#### Source material

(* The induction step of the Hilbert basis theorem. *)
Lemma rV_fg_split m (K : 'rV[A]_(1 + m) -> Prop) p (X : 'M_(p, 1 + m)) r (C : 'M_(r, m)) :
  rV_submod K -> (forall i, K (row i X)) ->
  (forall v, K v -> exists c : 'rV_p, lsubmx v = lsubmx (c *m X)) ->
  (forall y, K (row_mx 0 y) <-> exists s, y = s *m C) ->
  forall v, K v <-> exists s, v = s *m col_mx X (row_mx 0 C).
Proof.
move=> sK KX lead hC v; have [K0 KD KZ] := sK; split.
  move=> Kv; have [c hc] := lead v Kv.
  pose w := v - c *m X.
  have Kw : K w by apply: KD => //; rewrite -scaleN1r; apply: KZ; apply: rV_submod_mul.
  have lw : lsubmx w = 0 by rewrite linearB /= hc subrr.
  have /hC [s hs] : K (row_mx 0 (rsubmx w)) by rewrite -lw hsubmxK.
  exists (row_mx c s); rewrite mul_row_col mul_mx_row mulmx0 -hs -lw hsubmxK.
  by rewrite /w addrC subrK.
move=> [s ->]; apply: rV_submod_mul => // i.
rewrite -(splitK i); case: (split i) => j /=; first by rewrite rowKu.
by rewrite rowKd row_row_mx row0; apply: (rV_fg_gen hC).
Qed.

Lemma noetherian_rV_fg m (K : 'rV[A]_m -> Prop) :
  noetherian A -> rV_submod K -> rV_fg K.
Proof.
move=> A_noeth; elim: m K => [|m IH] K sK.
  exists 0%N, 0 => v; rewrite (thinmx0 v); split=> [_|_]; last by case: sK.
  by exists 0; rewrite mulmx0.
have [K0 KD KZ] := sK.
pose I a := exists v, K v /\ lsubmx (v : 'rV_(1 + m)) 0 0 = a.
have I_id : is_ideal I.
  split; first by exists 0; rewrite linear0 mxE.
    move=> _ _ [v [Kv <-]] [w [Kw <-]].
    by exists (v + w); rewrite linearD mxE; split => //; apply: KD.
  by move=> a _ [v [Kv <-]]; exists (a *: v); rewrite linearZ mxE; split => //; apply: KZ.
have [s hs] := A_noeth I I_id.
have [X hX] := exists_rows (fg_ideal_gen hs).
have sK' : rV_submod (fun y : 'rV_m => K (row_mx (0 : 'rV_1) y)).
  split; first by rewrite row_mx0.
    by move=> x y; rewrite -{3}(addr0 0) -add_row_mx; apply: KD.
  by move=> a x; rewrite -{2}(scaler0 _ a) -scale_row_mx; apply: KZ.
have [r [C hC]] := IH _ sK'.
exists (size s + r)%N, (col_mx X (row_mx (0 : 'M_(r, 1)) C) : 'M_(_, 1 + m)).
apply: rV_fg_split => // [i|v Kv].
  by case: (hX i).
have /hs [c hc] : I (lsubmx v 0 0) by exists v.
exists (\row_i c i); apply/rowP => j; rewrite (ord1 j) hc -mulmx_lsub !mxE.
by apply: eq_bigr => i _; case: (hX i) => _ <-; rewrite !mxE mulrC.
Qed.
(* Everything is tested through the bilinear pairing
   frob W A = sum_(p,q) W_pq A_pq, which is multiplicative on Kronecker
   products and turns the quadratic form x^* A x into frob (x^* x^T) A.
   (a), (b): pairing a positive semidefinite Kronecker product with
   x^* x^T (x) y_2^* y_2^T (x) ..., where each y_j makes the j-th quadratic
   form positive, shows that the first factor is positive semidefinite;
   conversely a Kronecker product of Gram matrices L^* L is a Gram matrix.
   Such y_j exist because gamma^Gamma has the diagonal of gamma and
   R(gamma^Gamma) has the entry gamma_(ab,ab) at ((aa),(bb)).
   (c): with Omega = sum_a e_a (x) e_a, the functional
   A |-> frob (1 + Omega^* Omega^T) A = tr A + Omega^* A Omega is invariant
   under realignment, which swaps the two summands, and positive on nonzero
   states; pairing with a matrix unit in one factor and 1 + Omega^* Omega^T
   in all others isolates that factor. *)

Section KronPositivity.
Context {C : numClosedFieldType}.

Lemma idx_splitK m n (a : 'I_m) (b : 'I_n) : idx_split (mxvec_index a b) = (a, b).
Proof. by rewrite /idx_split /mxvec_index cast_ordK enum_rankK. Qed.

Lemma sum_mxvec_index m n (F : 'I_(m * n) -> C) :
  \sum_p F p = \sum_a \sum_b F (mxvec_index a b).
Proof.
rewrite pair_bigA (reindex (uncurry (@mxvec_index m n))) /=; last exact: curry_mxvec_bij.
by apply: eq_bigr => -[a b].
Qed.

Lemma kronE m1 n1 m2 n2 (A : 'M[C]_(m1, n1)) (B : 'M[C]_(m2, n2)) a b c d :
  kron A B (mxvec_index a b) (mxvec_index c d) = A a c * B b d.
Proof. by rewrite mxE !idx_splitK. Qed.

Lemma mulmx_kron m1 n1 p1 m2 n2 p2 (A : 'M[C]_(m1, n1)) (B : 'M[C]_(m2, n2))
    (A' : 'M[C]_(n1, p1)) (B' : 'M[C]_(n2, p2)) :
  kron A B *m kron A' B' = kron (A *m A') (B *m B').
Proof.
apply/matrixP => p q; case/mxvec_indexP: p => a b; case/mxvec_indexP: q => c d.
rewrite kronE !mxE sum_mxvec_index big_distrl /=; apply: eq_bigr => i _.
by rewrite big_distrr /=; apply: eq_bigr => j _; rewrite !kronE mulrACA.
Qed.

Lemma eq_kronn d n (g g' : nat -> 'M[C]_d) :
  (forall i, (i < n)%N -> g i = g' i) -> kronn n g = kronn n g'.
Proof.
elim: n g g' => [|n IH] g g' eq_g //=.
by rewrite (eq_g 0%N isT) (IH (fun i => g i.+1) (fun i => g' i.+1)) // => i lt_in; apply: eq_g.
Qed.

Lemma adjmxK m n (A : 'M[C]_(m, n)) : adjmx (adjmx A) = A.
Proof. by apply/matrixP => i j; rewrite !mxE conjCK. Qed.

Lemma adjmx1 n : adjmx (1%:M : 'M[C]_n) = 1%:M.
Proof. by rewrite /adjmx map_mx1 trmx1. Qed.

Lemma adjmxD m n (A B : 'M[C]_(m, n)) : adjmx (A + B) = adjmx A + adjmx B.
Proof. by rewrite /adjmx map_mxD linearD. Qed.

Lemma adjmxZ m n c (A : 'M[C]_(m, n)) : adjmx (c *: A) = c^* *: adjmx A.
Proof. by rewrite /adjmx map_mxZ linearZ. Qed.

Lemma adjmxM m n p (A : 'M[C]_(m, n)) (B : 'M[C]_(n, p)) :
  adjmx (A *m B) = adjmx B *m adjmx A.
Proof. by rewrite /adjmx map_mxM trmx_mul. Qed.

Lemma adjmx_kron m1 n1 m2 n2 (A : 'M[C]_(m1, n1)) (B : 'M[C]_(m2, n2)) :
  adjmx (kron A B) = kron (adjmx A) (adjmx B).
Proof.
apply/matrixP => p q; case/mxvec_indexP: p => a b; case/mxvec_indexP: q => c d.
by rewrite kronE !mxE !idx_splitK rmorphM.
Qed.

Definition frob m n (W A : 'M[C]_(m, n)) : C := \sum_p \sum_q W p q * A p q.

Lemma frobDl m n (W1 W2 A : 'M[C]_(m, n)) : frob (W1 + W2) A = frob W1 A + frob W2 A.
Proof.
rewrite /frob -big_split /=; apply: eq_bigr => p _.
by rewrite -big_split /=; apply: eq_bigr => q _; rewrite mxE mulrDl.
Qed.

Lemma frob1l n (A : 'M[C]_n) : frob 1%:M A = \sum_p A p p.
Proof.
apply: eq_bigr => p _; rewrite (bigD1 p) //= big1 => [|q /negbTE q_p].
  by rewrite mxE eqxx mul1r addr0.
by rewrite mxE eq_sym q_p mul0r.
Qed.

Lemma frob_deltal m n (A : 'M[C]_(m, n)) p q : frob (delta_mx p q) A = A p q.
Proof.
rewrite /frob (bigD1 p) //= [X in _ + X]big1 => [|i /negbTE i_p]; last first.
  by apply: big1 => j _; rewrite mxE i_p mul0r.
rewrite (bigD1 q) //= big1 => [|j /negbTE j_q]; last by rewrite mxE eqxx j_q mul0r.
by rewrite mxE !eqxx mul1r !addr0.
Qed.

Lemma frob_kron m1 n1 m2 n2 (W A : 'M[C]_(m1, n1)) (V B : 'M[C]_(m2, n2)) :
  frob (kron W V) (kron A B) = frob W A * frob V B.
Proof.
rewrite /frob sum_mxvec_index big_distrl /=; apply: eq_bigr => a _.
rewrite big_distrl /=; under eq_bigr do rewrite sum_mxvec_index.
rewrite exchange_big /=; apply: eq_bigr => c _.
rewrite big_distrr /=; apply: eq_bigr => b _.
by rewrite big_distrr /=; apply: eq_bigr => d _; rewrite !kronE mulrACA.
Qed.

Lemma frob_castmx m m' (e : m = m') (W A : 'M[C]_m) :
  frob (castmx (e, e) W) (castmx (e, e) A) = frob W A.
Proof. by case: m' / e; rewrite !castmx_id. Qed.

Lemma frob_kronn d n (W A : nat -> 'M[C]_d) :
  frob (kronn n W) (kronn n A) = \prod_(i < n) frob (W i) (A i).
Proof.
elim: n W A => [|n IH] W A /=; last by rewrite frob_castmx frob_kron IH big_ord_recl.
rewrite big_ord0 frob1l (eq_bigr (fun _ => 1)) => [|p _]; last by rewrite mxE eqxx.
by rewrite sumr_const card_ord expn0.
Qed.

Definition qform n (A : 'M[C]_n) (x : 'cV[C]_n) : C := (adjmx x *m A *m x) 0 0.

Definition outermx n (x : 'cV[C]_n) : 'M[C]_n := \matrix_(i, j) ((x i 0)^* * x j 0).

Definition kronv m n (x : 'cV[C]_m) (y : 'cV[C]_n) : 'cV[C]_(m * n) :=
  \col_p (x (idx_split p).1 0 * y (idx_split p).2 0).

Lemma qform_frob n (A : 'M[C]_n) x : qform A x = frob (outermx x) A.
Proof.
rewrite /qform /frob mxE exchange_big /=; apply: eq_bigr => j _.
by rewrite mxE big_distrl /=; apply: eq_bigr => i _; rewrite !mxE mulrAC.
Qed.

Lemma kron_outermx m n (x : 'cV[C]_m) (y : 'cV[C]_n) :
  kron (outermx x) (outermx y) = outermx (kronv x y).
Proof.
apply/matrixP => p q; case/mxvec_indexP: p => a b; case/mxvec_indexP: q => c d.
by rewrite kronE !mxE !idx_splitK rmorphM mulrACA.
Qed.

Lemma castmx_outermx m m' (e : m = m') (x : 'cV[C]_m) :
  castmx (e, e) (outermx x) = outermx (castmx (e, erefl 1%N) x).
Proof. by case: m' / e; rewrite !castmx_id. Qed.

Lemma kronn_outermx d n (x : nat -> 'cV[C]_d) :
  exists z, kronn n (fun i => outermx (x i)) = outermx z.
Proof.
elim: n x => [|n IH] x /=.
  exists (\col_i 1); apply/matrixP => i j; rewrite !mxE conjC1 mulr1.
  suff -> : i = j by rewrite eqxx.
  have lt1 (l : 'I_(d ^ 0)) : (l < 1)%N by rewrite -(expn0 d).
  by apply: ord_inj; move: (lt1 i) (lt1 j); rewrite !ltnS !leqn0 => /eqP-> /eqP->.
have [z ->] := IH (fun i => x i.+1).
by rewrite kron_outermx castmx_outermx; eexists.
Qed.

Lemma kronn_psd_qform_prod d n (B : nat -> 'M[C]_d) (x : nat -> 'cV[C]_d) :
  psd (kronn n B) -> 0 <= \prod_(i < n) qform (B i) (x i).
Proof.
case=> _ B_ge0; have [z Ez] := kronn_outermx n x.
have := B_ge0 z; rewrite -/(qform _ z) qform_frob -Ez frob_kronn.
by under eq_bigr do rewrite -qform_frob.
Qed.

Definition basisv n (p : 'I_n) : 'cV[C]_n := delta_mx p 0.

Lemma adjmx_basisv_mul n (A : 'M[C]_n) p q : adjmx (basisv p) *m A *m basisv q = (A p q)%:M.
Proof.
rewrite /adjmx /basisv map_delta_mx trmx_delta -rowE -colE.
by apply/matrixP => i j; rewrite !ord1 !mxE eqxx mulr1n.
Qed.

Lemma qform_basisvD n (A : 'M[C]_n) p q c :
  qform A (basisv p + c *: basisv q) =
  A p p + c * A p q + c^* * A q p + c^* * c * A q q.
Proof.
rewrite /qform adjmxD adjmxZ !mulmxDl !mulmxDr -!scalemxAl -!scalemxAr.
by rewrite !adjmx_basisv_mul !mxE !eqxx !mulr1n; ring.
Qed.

########

What is required: The response consists of the lines above that contain "positive".

Exercise response:
   (a), (b): pairing a positive semidefinite Kronecker product with
   form positive, shows that the first factor is positive semidefinite;
   under realignment, which swaps the two summands, and positive on nonzero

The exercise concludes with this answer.